Z ręcznikiem wokół swego wielkiego brzucha i z bronią w
ręku Jolson zbliżył się do lekko uchylonych drzwi łazienki.
Prychając wpadł do salonu.
- Co u licha robisz na tej planecie?
Molly Briggs odłożyła swą plazmową broń na stolik do
kawy.
- Jestem twoim ubezpieczeniem - odrzekła uśmiechając się
niezobowiązująco. - Czyżby twej pamięci umknął ten drobny
szczegół, o którym uprzedzaliśmy cię w trakcie roboczych
narad w naszym biurze na Barnum? Przykro mi, jeśli...
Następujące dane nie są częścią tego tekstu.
(* Testing the first equation of the scheme with 4k u2 and the second with 4k q2, the
   N-terms cancel, and the BDF2 identity
     2 (3a - 4b + c)·a = |a|² + |2a - b|² - |b|² - |2b - c|² + |a - 2b + c|²
   yields a discrete Lyapunov inequality V(S x) (1 + kθ) <= V(x) + kK with
   μ = min(l0, γ), θ = μ/(9 + μ) and K independent of k.  As S maps the attractor onto
   itself, V <= K/θ on it, so all the attractors lie in one ball.  On that ball the
   forcing terms in (w = 2 u1 - u0)
     3 (u2 - u1) = (u1 - u0) + 2k (F - A u2 - q2 N(w)),
     3 (q2 - q1) = (q1 - q0) + 2k (γ - γ q2 + N(w)·u2)
   are bounded by some G, so the increment d of a state satisfies
   3 d(S x) <= d(x) + 2kG, and the same surjectivity argument gives d <= kG.
   Increments are measured with the max-entry norm `|.|` of matrices, which unlike hnorm
   comes with the triangle inequality; hnorm <= sqrt n `|.|` converts back at the end. *)

From Stdlib Require Import ClassicalEpsilon.
From mathcomp Require Import all_boot all_order all_algebra.
From mathcomp Require Import all_classical all_reals all_analysis.
From mathcomp Require Import ring lra.
Import Order.TTheory GRing.Theory Num.Theory.
Import numFieldNormedType.Exports.
Local Open Scope ring_scope.

Lemma invariant_dissipation_bound {R : realType} {T : Type} (S : T -> T)
    (Att : set T) (V : T -> R) (a b : R) :
  0 < a -> (exists M, forall x, Att x -> V x <= M) ->
  (Att `<=` S @` Att)%classic ->
  (forall x, Att x -> V (S x) * (1 + a) <= V x + b) ->
  forall x, Att x -> V x <= b / a.
Proof.
move=> a_gt0 [M VM] Att_sub dissip x Attx.
set E := [set V y | y in Att]%classic.
have E_ub : has_ubound E by exists M => _ [y Atty <-]; exact: VM.
have le_supE : forall y, Att y -> V y <= sup E.
  by move=> y Atty; apply: ub_le_sup => //; exists y.
have supE_dissip : sup E * (1 + a) <= sup E + b.
  rewrite -ler_pdivlMr; last lra.
  apply: ge_sup; first by exists (V x), x.
  move=> _ [z /Att_sub [y Atty <-] <-]; rewrite ler_pdivlMr; last lra.
  by apply: le_trans (dissip y Atty) _; rewrite lerD2r le_supE.
have := ler_wpM2r (ltW a_gt0) (le_supE x Attx).
rewrite ler_pdivlMr //; lra.
Qed.

Section InnerProduct.
Context {R : realType} {n : nat}.
Implicit Types (u v w : 'rV[R]_n).

Lemma dotE u v : dot u v = \sum_j u 0 j * v 0 j.
Proof. by rewrite /dot mxE; apply: eq_bigr => j _; rewrite mxE. Qed.

Lemma dotC u v : dot u v = dot v u.
Proof. by rewrite !dotE; apply: eq_bigr => j _; rewrite mulrC. Qed.

Lemma dotDl u v w : dot (u + v) w = dot u w + dot v w.
Proof. by rewrite !dotE -big_split; apply: eq_bigr => j _; rewrite mxE mulrDl. Qed.

Lemma dotZl (a : R) u w : dot (a *: u) w = a * dot u w.
Proof. by rewrite !dotE mulr_sumr; apply: eq_bigr => j _; rewrite mxE mulrA. Qed.

Lemma dotNl u w : dot (- u) w = - dot u w.
Proof. by rewrite -scaleN1r dotZl mulN1r. Qed.

Lemma dotBl u v w : dot (u - v) w = dot u w - dot v w.
Proof. by rewrite dotDl dotNl. Qed.

Lemma dotDr u v w : dot w (u + v) = dot w u + dot w v.
Proof. by rewrite dotC dotDl !(dotC w). Qed.

Lemma dotZr (a : R) u w : dot w (a *: u) = a * dot w u.
Proof. by rewrite dotC dotZl dotC. Qed.

Lemma dotBr u v w : dot w (u - v) = dot w u - dot w v.
Proof. by rewrite dotC dotBl !(dotC w). Qed.

Lemma dotNr u w : dot w (- u) = - dot w u.
Proof. by rewrite dotC dotNl dotC. Qed.

Lemma dot0l w : dot 0 w = 0.
Proof. by rewrite -(scale0r 0) dotZl mul0r. Qed.

Lemma dot_ge0 u : 0 <= dot u u.
Proof. by rewrite dotE; apply: sumr_ge0 => j _; rewrite -expr2 sqr_ge0. Qed.

Lemma dot_eq0 u : dot u u = 0 -> u = 0.
Proof.
rewrite dotE => /eqP; rewrite psumr_eq0 => [/allP u0|j _]; last first.
  by rewrite -expr2 sqr_ge0.
apply/rowP => j; rewrite mxE; apply/eqP.
by rewrite -sqrf_eq0 expr2 (eqP (u0 j (mem_index_enum j))).
Qed.

Lemma dot_young (e : R) u v : 0 < e -> 2 * dot u v <= e * dot u u + e^-1 * dot v v.
Proof.
move=> e_gt0; have := dot_ge0 (e *: u - v).
rewrite !(dotBl, dotBr, dotZl, dotZr) (dotC v u) => sq_ge0.
rewrite -(ler_pM2l e_gt0) mulrDr [e * (e^-1 * _)]mulrA mulfV ?gt_eqF // mul1r.
lra.
Qed.

Lemma bdf2_identity u0 u1 u2 :
  2 * dot (3%:R *: u2 - 4%:R *: u1 + u0) u2
  = dot u2 u2 + dot (2%:R *: u2 - u1) (2%:R *: u2 - u1)
    - (dot u1 u1 + dot (2%:R *: u1 - u0) (2%:R *: u1 - u0))
    + dot (u2 - 2%:R *: u1 + u0) (u2 - 2%:R *: u1 + u0).
Proof.
rewrite !dotE mulr_sumr opprD addrA -!(big_split, sumrB) /=; apply: eq_bigr => j _.
rewrite !mxE; ring.
Qed.

Lemma coercive_unitmx (P : 'M[R]_n) (a : R) :
  0 < a -> (forall v, a * dot v v <= dot (v *m P) v) -> P \in unitmx.
Proof.
move=> a_gt0 P_coer; rewrite -row_free_unit; apply: inj_row_free => v vP0.
apply/dot_eq0/le_anti; rewrite dot_ge0 andbT -(pmulr_rle0 _ a_gt0).
by have := P_coer v; rewrite vP0 dot0l.
Qed.

End InnerProduct.

Section MaxNorm.
Context {R : realType}.

Lemma mxentry_le_norm {m n} (B : 'M[R]_(m, n)) i j : `|B i j| <= `|B|.
Proof.
by rewrite [leRHS]/Num.Def.normr /= mx_normrE; apply/bigmax_geP; right; exists (i, j).
Qed.

Lemma rV_norm_le {n} (u : 'rV[R]_n) c : 0 <= c -> (forall j, `|u 0 j| <= c) -> `|u| <= c.
Proof.
move=> c_ge0 uc; rewrite /Num.Def.normr /= mx_normrE.
by apply: bigmax_le => // -[i j] _ /=; rewrite (ord1 i).
Qed.

Lemma sum_le_card {n} (f : 'I_n -> R) c : (forall j, f j <= c) -> \sum_j f j <= n%:R * c.
Proof.
move=> fc; apply: le_trans (ler_sum _ (fun j _ => fc j)) _.
by rewrite sumr_const card_ord mulr_natl.
Qed.

Lemma norm_le_hnorm {n} (u : 'rV[R]_n) : `|u| <= hnorm u.
Proof.
apply: rV_norm_le => [|j]; first exact: sqrtr_ge0.
rewrite -sqrtr_sqr; apply: ler_wsqrtr.
by rewrite dotE (bigD1 j) //= -expr2 lerDl sumr_ge0 // => i _; rewrite -expr2 sqr_ge0.
Qed.

Lemma dot_le_norm {n} (u : 'rV[R]_n) : dot u u <= n%:R * `|u| ^+ 2.
Proof.
rewrite dotE; apply: sum_le_card => j.
by rewrite -expr2 -real_normK ?num_real // lerXn2r ?nnegrE ?mxentry_le_norm.
Qed.

Lemma hnorm_le_norm {n} (u : 'rV[R]_n) : hnorm u <= Num.sqrt n%:R * `|u|.
Proof.
rewrite /hnorm -(ger0_norm (normr_ge0 u)) -sqrtr_sqr -sqrtrM ?ler0n //.
exact/ler_wsqrtr/dot_le_norm.
Qed.

Lemma norm_dot_le {n} (u v : 'rV[R]_n) : `|dot u v| <= n%:R * (`|u| * `|v|).
Proof.
rewrite dotE; apply: le_trans (ler_norm_sum _ _ _) _; apply: sum_le_card => j.
by rewrite normrM ler_pM ?mxentry_le_norm.
Qed.

Lemma norm_mulmx_le {n} (u : 'rV[R]_n) (B : 'M[R]_n) : `|u *m B| <= n%:R * (`|u| * `|B|).
Proof.
apply: rV_norm_le => [|j]; first by rewrite !mulr_ge0.
rewrite mxE; apply: le_trans (ler_norm_sum _ _ _) _; apply: sum_le_card => i.
by rewrite normrM ler_pM ?mxentry_le_norm.
Qed.

End MaxNorm.

Definition energy {R : realType} {n : nat} (x : state R n) : R :=
  dot x.1.2 x.1.2 + dot (2%:R *: x.1.2 - x.1.1) (2%:R *: x.1.2 - x.1.1)
  + x.2.2 ^+ 2 + (2 * x.2.2 - x.2.1) ^+ 2.

Definition sqnorm_last {R : realType} {n : nat} (x : state R n) : R :=
  dot x.1.2 x.1.2 + x.2.2 ^+ 2.

Definition lyapunov {R : realType} {n : nat} (k mu : R) (x : state R n) : R :=
  energy x + k * mu * sqnorm_last x.

Lemma energy_le {R : realType} {n : nat} (x : state R n) :
  energy x <= 9 * sqnorm_last x + 2 * (dot x.1.1 x.1.1 + x.2.1 ^+ 2).
Proof.
have := dot_ge0 (2%:R *: x.1.2 + x.1.1); have := sqr_ge0 (2 * x.2.2 + x.2.1).
rewrite /energy /sqnorm_last !(dotDl, dotNl, dotZl, dotDr, dotNr, dotZr).
rewrite (dotC x.1.1 x.1.2); lra.
Qed.

Lemma lyapunov_step_real (R : realFieldType) (k mu K E0 E1 p0 p1 : R) :
  0 < k <= 1 -> 0 < mu -> 0 <= p0 -> 0 <= p1 ->
  E1 <= 9 * p1 + 2 * p0 -> E1 + 2 * k * mu * p1 <= E0 + k * K ->
  (E1 + k * mu * p1) * (1 + k * (mu / (9 + mu))) <= E0 + k * mu * p0 + k * K.
Proof.
move=> /andP[k_gt0 k_le1] mu_gt0 p0_ge0 p1_ge0 E1_le dissip.
set th := mu / (9 + mu).
have th_ge0 : 0 <= th by rewrite divr_ge0 // ltW // addr_gt0.
have th_mu : th * (9 + mu) = mu by rewrite mulfVK // gt_eqF // addr_gt0.
have kmu_le : k * (mu * p1) <= mu * p1 by rewrite ler_piMl ?mulr_ge0 // ltW.
have V1_le : E1 + k * mu * p1 <= (9 + mu) * (p1 + p0) by nra.
have := ler_wpM2l (mulr_ge0 (ltW k_gt0) th_ge0) V1_le.
have -> : k * th * ((9 + mu) * (p1 + p0)) = k * mu * (p1 + p0).
  by rewrite -[in RHS]th_mu; ring.
nra.
Qed.

Lemma compact_norm_bounded {K : realType} {V : normedModType K} {X : set V} :
  compact X -> exists M, forall x, X x -> `|x| <= M.
Proof.
move=> /compact_bounded [M [M_real M_bound]].
by exists (`|M| + 1) => x Xx; apply: M_bound => //; rewrite ltr_pwDr // real_ler_norm.
Qed.

Lemma state_norm_le {R : realType} {n : nat} (x : state R n) :
  [/\ `|x.1.1| <= `|x|, `|x.1.2| <= `|x|, `|x.2.1| <= `|x| & `|x.2.2| <= `|x|].
Proof.
have -> : `|x| = Num.max (Num.max `|x.1.1| `|x.1.2|) (Num.max `|x.2.1| `|x.2.2|) by [].
by split; rewrite !le_max lexx ?orbT.
Qed.

Lemma lyapunov_le_norm {R : realType} {n : nat} (k mu : R) (x : state R n) :
  0 <= k <= 1 -> 0 <= mu ->
  lyapunov k mu x <= (10 * n%:R + 10 + mu * (n%:R + 1)) * `|x| ^+ 2.
Proof.
move=> /andP[k_ge0 k_le1] mu_ge0.
have [u0_le u1_le q0_le q1_le] := state_norm_le x; set r := `|x| in u0_le u1_le q0_le q1_le *.
have sqrR (t c : R) : `|t| <= c -> t ^+ 2 <= c ^+ 2.
  by move=> tc; rewrite -real_normK ?num_real // lerXn2r ?nnegrE // (le_trans _ tc).
have sqrV (u : 'rV[R]_n) c : `|u| <= c -> dot u u <= n%:R * c ^+ 2.
  move=> uc; apply: le_trans (dot_le_norm u) _.
  by rewrite ler_wpM2l // lerXn2r ?nnegrE // (le_trans _ uc).
have w_le : `|2%:R *: x.1.2 - x.1.1| <= 3 * r.
  by apply: le_trans (ler_normB _ _) _; rewrite normrZ ger0_norm //; lra.
have p_le : `|2 * x.2.2 - x.2.1| <= 3 * r.
  by apply: le_trans (ler_normB _ _) _; rewrite normrM ger0_norm //; lra.
have last_le : sqnorm_last x <= (n%:R + 1) * r ^+ 2.
  by rewrite mulrDl mul1r lerD ?sqrV ?sqrR.
have kmu_le : k * mu * sqnorm_last x <= mu * ((n%:R + 1) * r ^+ 2).
  rewrite -mulrA; apply: le_trans (ler_wpM2l mu_ge0 last_le).
  by rewrite ler_piMl // mulr_ge0 // addr_ge0 ?dot_ge0 ?sqr_ge0.
have := sqrV _ _ u1_le; have := sqrV _ _ w_le; have := sqrR _ _ q1_le; have := sqrR _ _ p_le.
rewrite /lyapunov /energy; nra.
Qed.

Lemma lyapunov_controls {R : realType} {n : nat} {k mu W : R} {x : state R n} :
  0 <= k -> 0 <= mu -> lyapunov k mu x <= W ->
  [/\ `|x.1.2| <= Num.sqrt W, `|x.2.2| <= Num.sqrt W
    & hnorm (2%:R *: x.1.2 - x.1.1) <= Num.sqrt W].
Proof.
move=> k_ge0 mu_ge0; rewrite /lyapunov /energy => le_W.
have := dot_ge0 x.1.2; have := dot_ge0 (2%:R *: x.1.2 - x.1.1).
have := sqr_ge0 x.2.2; have := sqr_ge0 (2 * x.2.2 - x.2.1).
have : 0 <= k * mu * sqnorm_last x by rewrite !mulr_ge0 // addr_ge0 ?dot_ge0 ?sqr_ge0.
move=> ? ? ? ? ?; split.
- by apply: le_trans (norm_le_hnorm _) _; apply: ler_wsqrtr; lra.
- by rewrite -sqrtr_sqr; apply: ler_wsqrtr; lra.
- by apply: ler_wsqrtr; lra.
Qed.

Lemma locally_lipschitz_bounded {R : realType} {n : nat} {N : 'rV[R]_n -> 'rV[R]_n} {r : R} :
  locally_lipschitz N -> 0 <= r -> exists M, forall w, hnorm w <= r -> `|N w| <= M.
Proof.
move=> N_lip r_ge0; have [L N_L] := N_lip r.
exists (`|L| * r + `|N 0|) => w w_le.
have hnorm0 : hnorm (0 : 'rV[R]_n) <= r by rewrite /hnorm dot0l sqrtr0.
rewrite -[N w](subrK (N 0)); apply: le_trans (ler_normD _ _) _; rewrite lerD2r.
apply: le_trans (norm_le_hnorm _) _; apply: le_trans (N_L _ _ w_le hnorm0) _.
rewrite subr0; apply: le_trans (ler_wpM2r (sqrtr_ge0 _) (ler_norm L)) _.
by rewrite ler_wpM2l.
Qed.

Definition increment {R : realType} {n : nat} (x : state R n) : R :=
  `|x.1.2 - x.1.1| + `|x.2.2 - x.2.1|.

Section Scheme.
Context {R : realType} {n : nat} {A : 'M[R]_n} {l0 : R}.
Context {N : 'rV[R]_n -> 'rV[R]_n} {F : 'rV[R]_n} {gamma : R}.
Hypotheses (l0_gt0 : 0 < l0) (gamma_gt0 : 0 < gamma).
Hypothesis A_coercive : forall u, l0 * dot u u <= dot u (app A u).
Hypothesis N_lip : locally_lipschitz N.

Local Notation bdf2_eq := (scheme_eq A N F gamma).
Local Notation S := (Sk A N F gamma).

Lemma scheme_solvable (k : R) u0 u1 q0 q1 :
  0 < k -> exists p : 'rV[R]_n * R, bdf2_eq k u0 u1 q0 q1 p.1 p.2.
Proof.
move=> k_gt0; set Nw := N (2%:R *: u1 - u0).
set a := 3%:R / (2%:R * k); set c := a + gamma.
set beta := gamma + (4%:R * q1 - q0) / (2%:R * k).
have a_gt0 : 0 < a by rewrite divr_gt0 ?mulr_gt0.
have c_gt0 : 0 < c by rewrite addr_gt0.
set P : 'M[R]_n := a%:M + A^T + c^-1 *: (Nw^T *m Nw).
have mulP v : v *m P = a *: v + app A v + (c^-1 * dot v Nw) *: Nw.
  rewrite !mulmxDr mul_mx_scalar -scalemxAr mulmxA.
  by rewrite [v *m Nw^T]mx11_scalar mul_scalar_mx scalerA.
have P_unit : P \in unitmx.
  apply: (@coercive_unitmx R n P a a_gt0) => v; rewrite mulP !dotDl !dotZl -addrA lerDl.
  rewrite (dotC (app A v)) (dotC Nw) -mulrA -expr2 addr_ge0 //.
    by apply: le_trans (A_coercive v); rewrite mulr_ge0 ?dot_ge0 ?ltW.
  by rewrite mulr_ge0 ?sqr_ge0 // invr_ge0 ltW.
set b := F + (2%:R * k)^-1 *: (4%:R *: u1 - u0) - (beta / c) *: Nw.
set u2 := b *m invmx P; have : u2 *m P = b by rewrite mulmxKV.
rewrite mulP => u2P; exists (u2, (beta + dot Nw u2) / c); split => /=.
- apply/rowP => j; move/rowP/(_ j): u2P; rewrite !mxE (dotC u2) /a.
  set Au2 := (\sum_i _); lra.
- by rewrite /c /a /beta; field; rewrite !gt_eqF ?addr_gt0 ?mulr_gt0.
Qed.

Lemma Sk_scheme_eq (k : R) (x : state R n) : 0 < k ->
  bdf2_eq k x.1.1 x.1.2 x.2.1 x.2.2 (S k x).1.2 (S k x).2.2.
Proof.
move=> k_gt0; have [p p_sol] := scheme_solvable k x.1.1 x.1.2 x.2.1 x.2.2 k_gt0.
exact: (epsilon_spec _ (fun p => bdf2_eq k _ _ _ _ p.1 p.2) (ex_intro _ p p_sol)).
Qed.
- Nigdy nie wspomniałaś ani słowem o... - nagle podbiegł
do niej.
- Cicho - szepnął - ani słowa więcej.
- Nie jest to, o ile pozwolisz zauważyć, najcieplejsze
powitanie...
- Cicho. Ani słowa.
Zerwał jej z głowy kapelusik bez ronda i wyciągnął z
niego mały srebrny guzik, który rzucił na ziemię i tak długo
deptał, aż rozgniótł go zupełnie.
- A niech to. - Molly zaczęła się wycofywać, aż wpadła na
metalowe krzesełko. Siadając zapytała:
- Czy to była pluskwa?
- Wyławiacz głosów - odpowiedział oschle. - Co oznacza,
że ten, kto zainstalował go na twej bezmyślnej, nic nie
podejrzewającej głowie, wie już, że tu jestem, wie, jak
wyglądam, i że pracuję dla ciebie.
Złożyła ręce na kolanach.
- Do diabła.
Poprawiając ręcznik Jolson podszedł do swego neseseru i
otworzył go jednym szarpnięciem. Wyciągnął z niego wykrywacz
pluskiew, by ponownie zbadać swój czteropokojowy apartament.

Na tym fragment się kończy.